══ Available data ══

(* Strongly normalising terms are typed by well-founded induction along
   reduction and the immediate-subterm relation. Variables and abstractions are
   typed from their subterms. An application t(u,y.r) whose head t is neutral
   is typed directly: a neutral term with typable subterms has every type, in
   particular M -> τ for each type τ that r assigns to y, and ch lets u be typed
   at an arbitrary type. Any other application makes a weak head step, and
   subject expansion carries the typing of the reduct back to it. At the root,
   expansion rests on anti-substitution: a typing of {v/x}w splits into a typing
   of w and one typing of v per type of x. The subterms the reduct may erase are
   typable by the induction hypothesis, and ch keeps room for them in the
   derivation. *)

Fixpoint ty_eq_dec (a b : ty) {struct a} : {a = b} + {a <> b}.
Proof.
  refine (match a, b with
  | TVar n, TVar m => if Nat.eq_dec n m then left _ else right _
  | Arr M s, Arr N s' =>
      if (fix list_ty_eq_dec (M N : list ty) : {M = N} + {M <> N} :=
            match M, N with
            | [], [] => left eq_refl
            | x :: xs, y :: ys =>
                if ty_eq_dec x y then
                  if list_ty_eq_dec xs ys then left _ else right _
                else right _
            | _, _ => right _
            end) M N
      then if ty_eq_dec s s' then left _ else right _
      else right _
  | _, _ => right _
  end); congruence.
Defined.

(* Closes a goal [Permutation l l'] between concatenations, using the
   permutation hypotheses in context, by counting occurrences. *)
Ltac perm_count :=
  apply (proj2 (Permutation_count_occ ty_eq_dec _ _));
  let x := fresh "x" in intro x;
  repeat match goal with
    | H : @Permutation ty _ _ |- _ =>
        let C := fresh "C" in
        pose proof (proj1 (Permutation_count_occ ty_eq_dec _ _) H x) as C; clear H
    end;
  repeat rewrite ?count_occ_app, ?count_occ_nil in *; lia.

Ltac destruct_nat_tests :=
  repeat match goal with
  | |- context [?a <? ?b] => destruct (Nat.ltb_spec a b)
  | |- context [?a =? ?b] => destruct (Nat.eqb_spec a b)
  | H : context [?a <? ?b] |- _ => destruct (Nat.ltb_spec a b)
  | H : context [?a =? ?b] |- _ => destruct (Nat.eqb_spec a b)
  end; try (exfalso; lia).

Definition env_perm (G H : env) : Prop := forall n, Permutation (G n) (H n).

Definition env_empty : env := fun _ => [].

Definition env_unions (Gs : list env) : env := fold_right env_union env_empty Gs.

Lemma env_unions_perm Gs Gs' :
  Permutation Gs Gs' -> env_perm (env_unions Gs) (env_unions Gs').
Proof.
  induction 1; intro n; simpl; unfold env_union.
  - reflexivity.
  - apply Permutation_app_head; auto.
  - rewrite !app_assoc. apply Permutation_app_tail, Permutation_app_comm.
  - eapply perm_trans; eauto.
Qed.

Lemma env_unions_app Gs Hs n :
  env_unions (Gs ++ Hs) n = env_unions Gs n ++ env_unions Hs n.
Proof.
  induction Gs as [|G Gs IH]; simpl; [reflexivity|].
  unfold env_union. rewrite IH, app_assoc. reflexivity.
Qed.

(** * A syntax-directed typing system *)

Definition arrows (Ms : list (list ty * ty)) : list ty :=
  map (fun p => Arr (fst p) (snd p)) Ms.

Definition ch_perm (M N : list ty) : Prop :=
  (M <> [] /\ Permutation M N) \/ (M = [] /\ exists tau, N = [tau]).

(* A syntax-directed variant of [typ]: environments are compared up to
   permutation inside each rule rather than by a separate rule, the premises
   of rule (many) are lists of (environment, type) pairs, and types are never
   rewritten. It is sound for [typ] (styp_typ) and easy to invert. *)
Inductive styp : env -> term -> ty -> Prop :=
| styp_var Γ x s : env_perm Γ (env_single x s) -> styp Γ (Var x) s
| styp_abs Γ G t s M :
    styp G t s -> env_perm Γ (env_tail G) -> Permutation (G 0) M ->
    styp Γ (Lam t) (Arr M s)
| styp_app Ms psA psB L Γ t u r s :
    ch_perm (arrows Ms) (map snd psA) ->
    Forall (fun p => styp (fst p) t (snd p)) psA ->
    ch_perm (concat (map fst Ms)) (map snd psB) ->
    Forall (fun p => styp (fst p) u (snd p)) psB ->
    styp L r s -> Permutation (L 0) (map snd Ms) ->
    env_perm Γ (env_union (env_unions (map fst psA))
                  (env_union (env_unions (map fst psB)) (env_tail L))) ->
    styp Γ (App t u r) s.

Notation typings t ps := (Forall (fun p => styp (fst p) t (snd p)) ps).

Definition typable (t : term) : Prop := exists Γ σ, styp Γ t σ.

Lemma styp_app_inv Γ t u r s :
  styp Γ (App t u r) s ->
  exists Ms psA psB L,
    ch_perm (arrows Ms) (map snd psA) /\ typings t psA /\
    ch_perm (concat (map fst Ms)) (map snd psB) /\ typings u psB /\
    styp L r s /\ Permutation (L 0) (map snd Ms) /\
    env_perm Γ (env_union (env_unions (map fst psA))
                  (env_union (env_unions (map fst psB)) (env_tail L))).
Proof. inversion 1; subst. do 4 eexists; eauto 10. Qed.

Lemma styp_lam_inv Γ t σ :
  styp Γ (Lam t) σ ->
  exists G M s, σ = Arr M s /\ styp G t s /\ env_perm Γ (env_tail G) /\
                Permutation (G 0) M.
Proof. inversion 1; subst. do 3 eexists; eauto. Qed.

Lemma styp_var_inv Γ x σ : styp Γ (Var x) σ -> env_perm Γ (env_single x σ).
Proof. inversion 1; assumption. Qed.

Fixpoint ty_eqv_refl (s : ty) : ty_eqv s s.
Proof.
  destruct s as [a|M s].
  - constructor.
  - apply eqv_arr with M; [|apply Permutation_refl|apply ty_eqv_refl].
    induction M; constructor; [apply ty_eqv_refl|assumption].
Qed.

Lemma Forall2_ty_eqv_refl M : Forall2 ty_eqv M M.
Proof. induction M; constructor; auto using ty_eqv_refl. Qed.

Lemma typ_env_perm G G' t s : typ G t s -> env_perm G G' -> typ G' t s.
Proof.
  intros H HG. apply typ_eqv with G s; auto using ty_eqv_refl.
  intro n. exists (G n). auto using Forall2_ty_eqv_refl.
Qed.

Lemma typm_of_typs t ps :
  ps <> [] -> Forall (fun p => typ (fst p) t (snd p)) ps ->
  exists G, typm G t (map snd ps) /\ env_perm G (env_unions (map fst ps)).
Proof.
  induction 2 as [|p ps Hp Hps IH]; [congruence|].
  destruct ps as [|q ps].
  - exists (fst p). split; [now constructor|].
    intro n. simpl. unfold env_union, env_empty. now rewrite app_nil_r.
  - destruct IH as (G & HG & EG); [congruence|].
    exists (env_union (fst p) G). split; [now constructor|].
    intro n. simpl. unfold env_union. apply Permutation_app_head, EG.
Qed.

Lemma typm_of_ch_perm t M M' ps :
  ch_perm M (map snd ps) -> Permutation M M' ->
  Forall (fun p => typ (fst p) t (snd p)) ps ->
  exists G A, is_ch M' A /\ typm G t A /\ env_perm G (env_unions (map fst ps)).
Proof.
  intros [[HM Hps]|[-> [tau Hps]]] HM' Hts.
  - assert (Hne : M' <> []).
    { intros ->. apply HM, Permutation_nil, Permutation_sym, HM'. }
    assert (HP : Permutation M' (map snd ps)) by (rewrite <- HM'; exact Hps).
    apply Permutation_map_inv in HP as (ps' & -> & Hpp).
    destruct (typm_of_typs t ps') as (G & HG & EG).
    + intros ->. apply Hne. reflexivity.
    + eapply Permutation_Forall; eauto.
    + exists G, (map snd ps'). split; [left; auto|]. split; [assumption|].
      intro n. rewrite (EG n). symmetry. apply env_unions_perm, Permutation_map, Hpp.
  - apply Permutation_nil in HM' as ->.
    destruct ps as [|[G s] [|]]; try discriminate. injection Hps as ->.
    inversion Hts; subst.
    exists G, [tau]. split; [right; eauto|]. split; [now constructor|].
    intro n. simpl. unfold env_union, env_empty. now rewrite app_nil_r.
Qed.

Lemma styp_typ t : forall Γ σ, styp Γ t σ -> typ Γ t σ.
Proof.
  induction t as [x|t IH|t IHt u IHu r IHr]; intros Γ σ H.
  - apply styp_var_inv in H. apply typ_env_perm with (env_single x σ); [constructor|].
    intro n. symmetry. apply H.
  - apply styp_lam_inv in H as (G & M & s & -> & Ht & HΓ & HM).
    apply typ_eqv with (env_tail G) (Arr (G 0) s).
    + now apply typ_abs, IH.
    + intro n. exists (env_tail G n). split; [apply Forall2_ty_eqv_refl|].
      symmetry. apply HΓ.
    + apply eqv_arr with (G 0); auto using Forall2_ty_eqv_refl, ty_eqv_refl.
  - apply styp_app_inv in H
      as (Ms & psA & psB & L & HA & FA & HB & FB & HL & HL0 & HΓ).
    apply Permutation_map_inv in HL0 as (Ms' & HLMs & HMs).
    assert (FA' : Forall (fun p => typ (fst p) t (snd p)) psA).
    { eapply Forall_impl; [|exact FA]. intros p; apply IHt. }
    assert (FB' : Forall (fun p => typ (fst p) u (snd p)) psB).
    { eapply Forall_impl; [|exact FB]. intros p; apply IHu. }
    assert (HdomMs : Permutation (concat (map fst Ms)) (concat (map fst Ms'))).
    { rewrite <- !flat_map_concat_map. apply Permutation_flat_map, HMs. }
    destruct (typm_of_ch_perm _ _ _ _ HA (Permutation_map _ HMs) FA') as (G & A & HA' & HG & EG).
    destruct (typm_of_ch_perm _ _ _ _ HB HdomMs FB') as (D & B & HB' & HD & ED).
    apply typ_env_perm with (env_union G (env_union D (env_tail L))).
    + eapply typ_app; eauto.
    + intro n. specialize (EG n). specialize (ED n). specialize (HΓ n).
      unfold env_union in *. perm_count.
Qed.

Lemma typings_map_env s s' (F : env -> env) :
  (forall G H, env_perm (F (env_union G H)) (env_union (F G) (F H))) ->
  env_perm (F env_empty) env_empty ->
  (forall Γ σ, styp Γ s σ -> exists Γ', styp Γ' s' σ /\ env_perm Γ (F Γ')) ->
  forall ps, typings s ps ->
  exists ps', typings s' ps' /\ map snd ps' = map snd ps /\
              env_perm (env_unions (map fst ps)) (F (env_unions (map fst ps'))).
Proof.
  intros HFU HF0 Hs ps Hps. induction Hps as [|p ps Hp Hps IH].
  - exists []. repeat split; auto. intro n. symmetry. apply HF0.
  - destruct IH as (ps' & Hps' & E & EU). destruct (Hs _ _ Hp) as (G' & HG' & EG').
    exists ((G', snd p) :: ps'). repeat split; simpl; auto; [f_equal; auto|].
    intro n. specialize (HFU G' (env_unions (map fst ps')) n).
    specialize (EG' n). specialize (EU n). unfold env_union in *. perm_count.
Qed.

Lemma typings_map s s' :
  (forall Γ σ, styp Γ s σ -> exists Γ', styp Γ' s' σ) ->
  forall ps, typings s ps -> exists ps', typings s' ps' /\ map snd ps' = map snd ps.
Proof.
  intros Hs ps Hps. induction Hps as [|p ps Hp Hps IH].
  - exists []. auto.
  - destruct IH as (ps' & Hps' & E). destruct (Hs _ _ Hp) as (G' & HG').
    exists ((G', snd p) :: ps'). split; simpl; auto. f_equal; auto.
Qed.

Lemma typings_of_any_type a N :
  (forall τ, exists Γ, styp Γ a τ) -> exists ps, typings a ps /\ map snd ps = N.
Proof.
  intros Ha. induction N as [|τ N (ps & Hps & E)].
  - exists []. auto.
  - destruct (Ha τ) as (G & HG). exists ((G, τ) :: ps). split; simpl; auto. f_equal; auto.
Qed.

Lemma typings_ch X N ps :
  typable X -> typings X ps -> Permutation N (map snd ps) ->
  exists ps', typings X ps' /\ ch_perm N (map snd ps').
Proof.
  intros (G & s & HX) Hps HN. destruct N as [|τ N].
  - exists [(G, s)]. split; [now repeat constructor|]. right. split; [reflexivity|now exists s].
  - exists ps. split; [auto|]. left; split; [discriminate|assumption].
Qed.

═══

Activity: From the entries, report every line in which the string "subterms" occurs.

Response area:
   typed from their subterms. An application t(u,y.r) whose head t is neutral
   is typed directly: a neutral term with typable subterms has every type, in
   of w and one typing of v per type of x. The subterms the reduct may erase are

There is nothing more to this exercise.